AC is great for easy step up and step down in voltage, but it has a number of problems. In a transmission system you have two main limits, the maximum voltage you can use (limited by insulators used) and the I^2R losses in the cabling. Let's first assume no resistive losses or at least that you're not limited by heat loss: For a given cable and insulators you can therefore either run e.g. 1000V DC or 1000V AC Remember though that the AC is 1000V peak so the actual RMS voltage is effectively 1/sqrt(2) so 707V. Therefore for a given cable and insulator pair AC can carry less power.
The only way to reduce the I^2R losses is to run at higher voltages where currents required are less so DC will always be superior here provided your inverter technology is sufficiently efficient. Which for lengths of more than about 20km starts to happen.
What was true for the electrical systems of 20 years ago never mind back in the days of Edison is no longer the case, the AC vs DC situation is not as simple as it used to be.
"The weirdest thing about a mind, is that every answer that you find, is the basis of a brand new cliche" -
That would be pretty awesome. Instead of building casinos, get them building power plants. New, better-quality jobs for them, and clean electricity for everyone. It's a win-win situation.
Disclaimer: I'm not a power engineer but I am an electrical engineer, so while the principles I state are probably correct there is some guesswork as I apply it to power transmission.
However, wires have capacitance.
Yes, all wires have a certain capacitance and inductance per length. Given the very wide separation between the power line and ground the capacitance per length should be very small, since it is inversely proportional per distance. Given the wide area the current encloses, the inductance will conversely be large. Therefore I would guess that the inductance of the transmission line is more important than its capacitance, and that it can be modeled primarily as a resistance in series with an inductance.
Overcoming that capacitance requires energy, which is an inefficiency.
Correct, though I'd like to add to that. An ideal capacitor is a lossless device (if you bring up the "two capacitor problem" note that by definition the capacitors or the wires connecting them cannot be lossless or it would never reach steady state). However in any AC transmission there will be conductor loss due to the resistance of the wire, possibly increased by skin effect, and dielectric loss due to the changing polarization of polar molecules in the dielectric surrounding the wire. Air is a virtually lossless dielectric. The wire's insulation is not going to be lossless, but since dielectric loss is usually proportional to frequency and 60Hz is very low frequency, and the insulator is small, I would guess that conductor loss dominates. And since frequency is very low skin effect may be negligible and we can just use the DC resistance.

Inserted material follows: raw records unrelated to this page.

Lemma is_series_even_part (c : nat -> R) x (A B : R) :
  is_series (fun j => c j * x ^ j) A -> is_series (fun j => c j * (- x) ^ j) B ->
  is_series (fun j => if Nat.odd j then 0 else c j * x ^ j) ((A + B) / 2).
Proof.
  intros HA HB.
  replace ((A + B) / 2) with (scal (/ 2) (plus A B))
    by (unfold scal, plus; simpl; unfold mult; simpl; field).
  refine (is_series_ext _ _ _ _ (is_series_scal (/ 2) _ _ (is_series_plus _ _ _ _ HA HB))).
  intros n. unfold scal, plus; simpl. unfold mult; simpl.
  rewrite pow_opp_parity. destruct (Nat.odd n); field.
Qed.

Lemma is_series_odd_part (c : nat -> R) x (A B : R) :
  is_series (fun j => c j * x ^ j) A -> is_series (fun j => c j * (- x) ^ j) B ->
  is_series (fun j => if Nat.odd j then c j * x ^ j else 0) ((A - B) / 2).
Proof.
  intros HA HB.
  replace ((A - B) / 2) with (scal (/ 2) (minus A B))
    by (unfold scal, minus, plus, opp; simpl; unfold mult; simpl; field).
  refine (is_series_ext _ _ _ _ (is_series_scal (/ 2) _ _ (is_series_minus _ _ _ _ HA HB))).
  intros n. unfold scal, minus, plus, opp; simpl. unfold mult; simpl.
  rewrite pow_opp_parity. destruct (Nat.odd n); field.
Qed.

Lemma is_series_shift (a : nat -> R) (l : R) :
  is_series a l -> is_series (fun j => a (S j)) (l - a O).
Proof.
  intros Ha. apply is_series_incr_1. unfold plus; simpl.
  replace (l - a O + a O) with l by ring. exact Ha.
Qed.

One more note is that most loads are inductive (ballasts for flourescent lights, motors for air conditioners, motors for industrial equipment, transformers, etc) and this is probably going to dominate the power factor of power transmission much more than the reactance of the power transmission lines themselves. That's why most load compensation is in the form of added shunt capacitance.
Of course there are still many advantages of DC transmission, but for power lines on poles I wouldn't be convinced of frequency-dependent loss playing a large role unless I saw a full analysis.